胡家1， 李蕾1， 王劲松2， 赵君朋1*

(1首都医科大学医学实验与测试中心，北京100069；2首都医科大学基础医学院；*通讯作者，E-mail: jp75@mail.ccmu.edu.cn)

目的对人乳牙牙髓干细胞全蛋白质进行非胶分级分离电泳，并用液质联用质谱分析所得蛋白质组分。方法对人乳牙牙髓干细胞进行裂解，将所得的细胞全蛋白质均分到12孔样品槽里进行非胶分级分离电泳，液相回收电泳后的12个组分，对各组分进行SDS-PAGE分离，并对各组分进行溶液酶切后再进行液质联用质谱分析。结果SDS-PAGE图谱显示人乳牙牙髓干细胞全蛋白质经非胶分级分离电泳分成了12个不同的蛋白质组分，液质联用对各组分进行分析均成功鉴定到一定数目蛋白质。结论非胶分级分离电泳能将复杂蛋白质样品进行预分离，液相回收分离后样品便于进行液质联用分析。

非胶分级分离电泳；细胞全蛋白质；液质联用质谱；蛋白质组

蛋白质是生命活动的执行者，因此研究蛋白质组才能真正认清各种生理现象的分子机制。质谱技术是蛋白质组学的常用方法之一，通过质谱鉴定能认识某一蛋白质组的各个蛋白质组成。在进行质谱分析之前一般会对样品进行适当分离，如十二烷基硫酸钠-聚丙烯酰胺凝胶电泳(sodium dodecyl sulfate-polyacrylamide gel electrophoresis，SDS-PAGE)、双向电泳、液相分离、离子交换等，每种方法均有自身的优势及缺点，样品分离的质量直接关系质谱检测结果。

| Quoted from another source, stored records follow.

(* Let $r\in\{2,3\}$, let $(\mathbf{a}_1,\mathbf{a}_2,\mathbf{a}_3)$ be $f$-tuples with entries in $\{0,\dots,p-1\}$ which are weakly generic, let $\tau$ be the corresponding non-principal-series tame type for $I_K$ and $(s_j)_{j=0}^{f-1}\in S_3^f$ an orientation of $(\mathbf{a}_1,\mathbf{a}_2,\mathbf{a}_3)$. For $0\le j\le f-1$ and $0\le i\le r-1$ define $s'_{j+if}=s_\tau^{\,i+1}\circ s_j\in S_3$, where $s_\tau=(23)$ if $r=2$ and $s_\tau=(123)$ if $r=3$. Then $(s'_{j'})_{j'=0}^{f'-1}\in S_3^{f'}$ is an orientation of $\tau'$.
   Context: $p>3$; $K=\mathbb{Q}_{p^f}$, $f'=fr$, $K'=\mathbb{Q}_{p^{f'}}$. $\omega_{f'}$ is a fundamental character of niveau $f'$ of $I_{K'}$ (viewed in $\mathcal{O}^\times$). For an $m$-tuple $\mathbf{b}=(b_i)_{i\in\mathbb{Z}/m}$ put $\mathbf{b}^{(j)}=\sum_{i=0}^{m-1}b_{-j+i}p^i$. The triple $(\mathbf{a}_1,\mathbf{a}_2,\mathbf{a}_3)$ is weakly generic if $3\le|a_{k,j}-a_{l,j}|\le p-4$ for all $k\ne l$, all $j$. The type $\tau$ is $\omega_{f'}^{-\mathbf{a}_1^{(0)}-p^f\mathbf{a}_1^{(0)}}\oplus\omega_{f'}^{-\mathbf{a}_2^{(0)}-p^f\mathbf{a}_3^{(0)}}\oplus\omega_{f'}^{-\mathbf{a}_3^{(0)}-p^f\mathbf{a}_2^{(0)}}$ if $r=2$, and $\omega_{f'}^{-\mathbf{a}_1^{(0)}-p^f\mathbf{a}_2^{(0)}-p^{2f}\mathbf{a}_3^{(0)}}\oplus\omega_{f'}^{-\mathbf{a}_2^{(0)}-p^f\mathbf{a}_3^{(0)}-p^{2f}\mathbf{a}_1^{(0)}}\oplus\omega_{f'}^{-\mathbf{a}_3^{(0)}-p^f\mathbf{a}_1^{(0)}-p^{2f}\mathbf{a}_2^{(0)}}$ if $r=3$. Its restriction $\tau'$ to $I_{K'}$ is written uniquely as $\eta_1\oplus\eta_2\oplus\eta_3$ (in this order) with $\eta_k=\omega_{f'}^{-\mathbf{a}'^{(0)}_k}$ for $f'$-tuples $\mathbf{a}'_k$ with entries in $[0,p-1]$; an orientation of $\tau'$ means an orientation of $(\mathbf{a}'_1,\mathbf{a}'_2,\mathbf{a}'_3)$. An orientation of a triple of $m$-tuples $(\mathbf{b}_1,\mathbf{b}_2,\mathbf{b}_3)$ is $(t_j)\in S_3^m$ with $\mathbf{b}^{(j)}_{t_j(1)}\ge\mathbf{b}^{(j)}_{t_j(2)}\ge\mathbf{b}^{(j)}_{t_j(3)}$ for all $j$. Permutations compose right to left and $(123)$ is $1\mapsto2\mapsto3\mapsto1$. *)

From mathcomp Require Import all_boot all_fingroup.
Set Implicit Arguments. Unset Strict Implicit. Unset Printing Implicit Defensive.
Local Open Scope group_scope.

(* Tuples b = (b_i)_{i in Z/m} are represented as b : nat -> nat, read at
   indices i %% m.  The paper's labels 1,2,3 are the ordinals 0,1,2 of 'I_3. *)

Definition bpow (p m : nat) (b : nat -> nat) (j : nat) : nat :=
  (\sum_(i < m) b ((i + (m - j %% m)) %% m) * p ^ i)%N.

Definition is_orientation (p m : nat) (B : 'I_3 -> nat -> nat)
    (t : nat -> {perm 'I_3}) : Prop :=
  forall j, (j < m)%N ->
    (bpow p m (B (t j ord0)) j >= bpow p m (B (t j (inord 1))) j)%N /\
    (bpow p m (B (t j (inord 1))) j >= bpow p m (B (t j (inord 2))) j)%N.

Definition absdiff (x y : nat) : nat := (maxn x y - minn x y)%N.

Definition weakly_generic (p f : nat) (A : 'I_3 -> nat -> nat) : Prop :=
  forall (k l : 'I_3), k != l -> forall j, (j < f)%N ->
    (3 <= absdiff (A k j) (A l j) <= p - 4)%N.

(* exponent n_k with tau' = omega_{f'}^{-n_1} + omega_{f'}^{-n_2} + omega_{f'}^{-n_3} *)
Definition tau_exp (p f r : nat) (A : 'I_3 -> nat -> nat) (k : 'I_3) : nat :=
  let a := fun l : nat => bpow p f (A (inord l)) 0 in
  if r == 2 then
    match nat_of_ord k with
    | 0 => a 0 + p ^ f * a 0
    | 1 => a 1 + p ^ f * a 2
    | _ => a 2 + p ^ f * a 1
    end%N
  else
    match nat_of_ord k with
    | 0 => a 0 + p ^ f * a 1 + p ^ (2 * f) * a 2
    | 1 => a 1 + p ^ f * a 2 + p ^ (2 * f) * a 0
    | _ => a 2 + p ^ f * a 0 + p ^ (2 * f) * a 1
    end%N.

(* a'_k: the f'-tuple of base-p digits of n_k, so that a'^{(0)}_k = n_k *)
Definition aprime (p f r : nat) (A : 'I_3 -> nat -> nat) (k : 'I_3) : nat -> nat :=
  fun i => ((tau_exp p f r A k %/ p ^ (i %% (f * r))) %% p)%N.

(* the 3-cycle (123): 1 -> 2 -> 3 -> 1, i.e. i |-> i+1 mod 3 on 'I_3 *)
Definition cyc123 : {perm 'I_3} := perm (@ordS_inj 3).
Definition swap23 : {perm 'I_3} := tperm (inord 1) (inord 2).
Definition s_tau (r : nat) : {perm 'I_3} := if r == 2 then swap23 else cyc123.

(* s'_{j+if} = s_tau^{i+1} o s_j.  In MathComp, (s * t) x = t (s x), so the
   composite "s_tau^{i+1} after s_j" is s_j * s_tau ^+ i.+1. *)
Definition s_prime (f r : nat) (s : nat -> {perm 'I_3}) (j' : nat) : {perm 'I_3} :=
  s (j' %% f)%N * s_tau r ^+ (j' %/ f).+1.

(** The label order at position j' of tau' is read off the most significant
    base-p digit of the three numbers a'^{(j')}_k.  Writing j' = i f + j, that
    digit of a'_{s'_{j'}(x)} is the digit a_{s_j(x), f-1-j}: the exponent n_k
    of tau' is the concatenation of the blocks a^{(0)}_{s_tau^q(k)}, q < r,
    and s_tau^{r-1-i} undoes the twist s_tau^{i+1} because s_tau has order r.
    Weak genericity makes these top digits pairwise distinct, so the order of
    the a^{(j)} prescribed by (s_j) is the order of their top digits, which in
    turn forces the order of the a'^{(j')} prescribed by (s'_{j'}). *)

From mathcomp Require Import all_boot all_fingroup.
From mathcomp Require Import zify.

Definition digit (p n e : nat) : nat := (n %/ p ^ e) %% p.

Section Digits.

Variable p : nat.

Lemma sum_digits_ltn n (g : nat -> nat) : (forall i, i < n -> g i < p) ->
  \sum_(i < n) g i * p ^ i < p ^ n.
Proof.
elim: n => [|n IHn] g_lt; first by rewrite big_ord0.
rewrite big_ord_recr /= expnS.
have := IHn (fun i lt_i_n => g_lt i (ltnW lt_i_n)).
have := g_lt n (ltnSn n).
set S := \sum_(i < n) _; set P := p ^ n; nia.
Qed.

Lemma sum_digits_ltn_top n (g h : nat -> nat) :
  (forall i, i < n -> g i < p) -> g n < h n ->
  \sum_(i < n.+1) g i * p ^ i < \sum_(i < n.+1) h i * p ^ i.
Proof.
move=> g_lt g_h; rewrite !big_ord_recr /=.
have := @sum_digits_ltn _ g g_lt.
set S := \sum_(i < n) g i * _; set T := \sum_(i < n) h i * _; set P := p ^ n; nia.
Qed.

Hypothesis p_gt0 : 0 < p.

Lemma digit_addMexp f x y e : x < p ^ f ->
  digit p (x + p ^ f * y) e = if e < f then digit p x e else digit p y (e - f).
Proof.
move=> x_lt; rewrite /digit; case: ltnP => e_f.
- have -> : p ^ f = p ^ e * p * p ^ (f - e.+1) by rewrite -expnSr -expnD subnKC.
  rewrite -!mulnA [p ^ e * _]mulnC addnC divnMDl ?expn_gt0 ?p_gt0 //.
  by rewrite [p * _]mulnC modnMDl.
- have -> : p ^ e = p ^ f * p ^ (e - f) by rewrite -expnD subnKC.
  by rewrite divnMA addnC mulnC divnMDl ?expn_gt0 ?p_gt0 // (divn_small x_lt) addn0.
Qed.

Lemma digit_sum_digits n (g : nat -> nat) e : (forall i, i < n -> g i < p) ->
  e < n -> digit p (\sum_(i < n) g i * p ^ i) e = g e.
Proof.
elim: n => // n IHn g_lt e_n.
rewrite big_ord_recr /= mulnC digit_addMexp; last first.
  by apply: sum_digits_ltn => i lt_i_n; apply: g_lt; lia.
case: ltnP => [e_lt|e_ge]; first by apply: IHn => // i lt_i_n; apply: g_lt; lia.
have -> : e = n by lia.
by rewrite subnn /digit expn0 divn1 modn_small // g_lt.
Qed.

Lemma digit_block_sum f r (x : nat -> nat) q e :
  (forall i, i < r -> x i < p ^ f) -> q < r -> e < f ->
  digit p (\sum_(i < r) p ^ (i * f) * x i) (q * f + e) = digit p (x q) e.
Proof.
elim: r x q => // r IHr x q x_lt q_r e_f.
rewrite big_ord_recl /= mul0n expn0 mul1n.
under eq_bigr do rewrite /bump /= add1n mulSn expnD -mulnA.
rewrite -big_distrr /= digit_addMexp ?x_lt //.
case: q q_r => [|q] q_r; first by rewrite mul0n add0n e_f.
rewrite mulSn -addnA ifN -?leqNgt ?leq_addr // addKn.
by apply: (IHr (fun i => x i.+1)) => // i lt_i_r; apply: x_lt.
Qed.

End Digits.

Section Rotations.

Variables (p m : nat) (b : nat -> nat).
Hypothesis b_lt : forall i, i < m -> b i < p.

Lemma bpow0E : bpow p m b 0 = \sum_(i < m) b i * p ^ i.
Proof.
by rewrite /bpow mod0n subn0; apply: eq_bigr => i _; rewrite modnDr modn_small.
Qed.

Lemma bpow0_ltn : bpow p m b 0 < p ^ m.
Proof. by rewrite bpow0E; apply: sum_digits_ltn b_lt. Qed.

Lemma digit_bpow0 e : e < m -> digit p (bpow p m b 0) e = b e.
Proof.
move=> e_m; have p_gt0 : 0 < p := leq_ltn_trans (leq0n _) (b_lt _ e_m).
by rewrite bpow0E; apply: digit_sum_digits.
Qed.

(* The most significant digit of b^{(j)} is b_{m-1-j}. *)
Lemma bpow_ltn_top (c : nat -> nat) j : j < m ->
  b (m.-1 - j) < c (m.-1 - j) -> bpow p m b j < bpow p m c j.
Proof.
move=> j_m b_c; rewrite /bpow (modn_small j_m).
case: m j_m b_lt b_c => // n j_m b_lt' b_c.
apply: (@sum_digits_ltn_top p n (fun i => b ((i + (n.+1 - j)) %% n.+1))
                                (fun i => c ((i + (n.+1 - j)) %% n.+1))) => [i _|] /=.
  by rewrite b_lt' // ltn_mod.
have -> : (n + (n.+1 - j)) %% n.+1 = n - j.
  have -> : n + (n.+1 - j) = n - j + n.+1 by lia.
  by rewrite modnDr modn_small //; lia.
exact: b_c.
Qed.

Lemma bpow_leq_top_ltn (c : nat -> nat) j : j < m ->
  b (m.-1 - j) != c (m.-1 - j) -> bpow p m c j <= bpow p m b j ->
  c (m.-1 - j) < b (m.-1 - j).
Proof.
move=> j_m b_neq_c c_le_b; case: ltngtP b_neq_c => // b_c _.
by have := bpow_ltn_top _ _ j_m b_c; rewrite ltnNge c_le_b.
Qed.

End Rotations.

Lemma weakly_generic_neq p f A (k l : 'I_3) j : weakly_generic p f A ->
  k != l -> j < f -> A k j != A l j.
Proof.
move=> gen k_l j_f; apply: contraTneq (gen k l k_l j j_f) => ->.
by rewrite /absdiff maxnn minnn subnn.
Qed.

Lemma cyc123_expE n (k : 'I_3) : val ((cyc123 ^+ n)%g k) = (k + n) %% 3.
Proof.
elim: n => [|n IHn]; first by rewrite expg0 perm1 addn0 modn_small.
by rewrite expgSr permM permE /= IHn -addn1 modnDml -addnA addn1.
Qed.

Lemma swap23E (k : 'I_3) : val (swap23 k) = (3 - k) %% 3.
Proof.
rewrite /swap23 -[k]inord_val; case: k => [[|[|[|//]]] k3] /=.
- by rewrite tpermD ?inordK // -(inj_eq val_inj) /= !inordK.
- by rewrite tpermL !inordK.
- by rewrite tpermR !inordK.
Qed.

Lemma s_tau_order (r : nat) : (r == 2) || (r == 3) -> (s_tau r ^+ r = 1)%g.
Proof.
case/orP => /eqP->; rewrite /s_tau /=; first by rewrite expgS expg1 tperm2.
by apply/permP => k; apply/val_inj; rewrite cyc123_expE perm1 /= modnDr modn_small.
Qed.

Lemma tau_exp_blocks (p f r : nat) A (k : 'I_3) : (r == 2) || (r == 3) ->
  tau_exp p f r A k =
  \sum_(q < r) p ^ (q * f) * bpow p f (A ((s_tau r ^+ q)%g k)) 0.
Proof.
case/orP => /eqP->; rewrite /tau_exp /s_tau /= !big_ord_recr big_ord0 /=.
- rewrite -[(swap23 ^+ 0)%g k]inord_val -[(swap23 ^+ 1)%g k]inord_val.
  rewrite expg0 expg1 perm1 swap23E mul0n mul1n expn0 add0n.
  by case: k => [[|[|[|//]]] k3]; rewrite /= mul1n.
- rewrite -[(cyc123 ^+ 0)%g k]inord_val -[(cyc123 ^+ 1)%g k]inord_val.
  rewrite -[(cyc123 ^+ 2)%g k]inord_val !cyc123_expE mul0n mul1n expn0 add0n.
  by case: k => [[|[|[|//]]] k3]; rewrite /= mul1n.
Qed.

Lemma s_prime_untwist (f r : nat) s j' (x : 'I_3) :
  (r == 2) || (r == 3) -> j' %/ f < r ->
  (s_tau r ^+ (r.-1 - j' %/ f))%g (s_prime f r s j' x) = s (j' %% f) x.
Proof.
move=> r23 i_r; rewrite /s_prime -permM -mulgA -expgD.
have -> : (j' %/ f).+1 + (r.-1 - j' %/ f) = r by lia.
by rewrite s_tau_order // mulg1.
Qed.

Lemma aprime_top (p f r : nat) A s j' (x : 'I_3) :
  0 < p -> (r == 2) || (r == 3) -> (forall k j, j < f -> A k j < p) -> j' < f * r ->
  aprime p f r A (s_prime f r s j' x) ((f * r).-1 - j') =
  A (s (j' %% f) x) (f.-1 - j' %% f).
Proof.
move=> p_gt0 r23 A_lt j'_fr.
have f_gt0 : 0 < f by nia.
have i_r : j' %/ f < r by rewrite ltn_divLR // mulnC.
have j_f : j' %% f < f by rewrite ltn_mod.
have predB_ltn n k : 0 < n -> n.-1 - k < n by lia.
rewrite /aprime (@modn_small ((f * r).-1 - j')); last by lia.
have -> : (f * r).-1 - j' = (r.-1 - j' %/ f) * f + (f.-1 - j' %% f).
  move: (divn_eq j' f) i_r j_f j'_fr; move: (j' %/ f) (j' %% f) => i j ->.
  by case/orP: r23 => /eqP-> {r}; nia.
rewrite -/(digit _ _ _) tau_exp_blocks //.
rewrite (@digit_block_sum p p_gt0 f r
           (fun q => bpow p f (A ((s_tau r ^+ q)%g (s_prime f r s j' x))) 0)) /=.
- by rewrite digit_bpow0 ?s_prime_untwist // => [i|]; [apply: A_lt | exact: predB_ltn].
- by move=> q _; apply: bpow0_ltn => i; apply: A_lt.
- exact: predB_ltn (leq_ltn_trans (leq0n _) i_r).
- exact: predB_ltn.
Qed.

Lemma s_prime_orientation_step (p f r : nat) A (s : nat -> {perm 'I_3}) j'
    (x y : 'I_3) :
  0 < p -> (r == 2) || (r == 3) -> (forall k j, j < f -> A k j < p) ->
  weakly_generic p f A -> j' < f * r -> x != y ->
  bpow p f (A (s (j' %% f) y)) (j' %% f) <= bpow p f (A (s (j' %% f) x)) (j' %% f) ->
  bpow p (f * r) (aprime p f r A (s_prime f r s j' y)) j' <=
  bpow p (f * r) (aprime p f r A (s_prime f r s j' x)) j'.
Proof.
move=> p_gt0 r23 A_lt gen j'_fr x_y le_yx.
have f_gt0 : 0 < f by nia.
have j_f : j' %% f < f by rewrite ltn_mod.
apply/ltnW/bpow_ltn_top => // [i _|]; first by rewrite /aprime ltn_mod.
rewrite !aprime_top //; apply: bpow_leq_top_ltn le_yx => //; first by move=> i; apply: A_lt.
apply: weakly_generic_neq gen _ _; first by rewrite (inj_eq perm_inj).
by rewrite (leq_ltn_trans (leq_subr _ _)) // ltn_predL.
Qed.

Theorem proposition6p1 (p f r : nat) (A : 'I_3 -> nat -> nat)
    (s : nat -> {perm 'I_3}) :
  prime p -> (3 < p)%N -> (0 < f)%N -> ((r == 2) || (r == 3)) ->
  (forall (k : 'I_3) j, (j < f)%N -> (A k j < p)%N) ->
  weakly_generic p f A ->
  is_orientation p f A s ->
  is_orientation p (f * r) (aprime p f r A) (s_prime f r s).
Proof.
move=> /prime_gt0 p_gt0 _ f_gt0 r23 A_lt gen orient j' j'_fr.
have [le_10 le_21] := orient _ (ltn_pmod j' f_gt0).
split; apply: s_prime_orientation_step => //.
- by rewrite -(inj_eq val_inj) /= inordK.
- by rewrite -(inj_eq val_inj) /= !inordK.
Qed.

非胶分级分离电泳(OFFGEL electrophoresis，OGE)是在安捷伦公司生产的Agilent 3100 OFFGEL等电聚焦分级分离仪上进行，其原理是在固定pH梯度的干胶条上，根据蛋白质或多肽的等电点进行等电聚焦分离；且分离的蛋白质或多肽，最终以液相的形式加以回收。OGE对于复杂蛋白质样品的分辨率与传统的等电聚焦电泳(IEF)是一样的，所不同的是分离所得各组分能液相回收，这样便于后续的液质联用分析[1]，而不需要切胶、提取多肽等繁琐步骤。以往研究还发现，采用等电聚焦电泳比用阳离子交换结合反向色谱分离蛋白质样品具有更高的分辨率[2]，并且按照等电点分离样品之后能得出蛋白质的等电点信息，为后期的质谱鉴定结果提供验证数据。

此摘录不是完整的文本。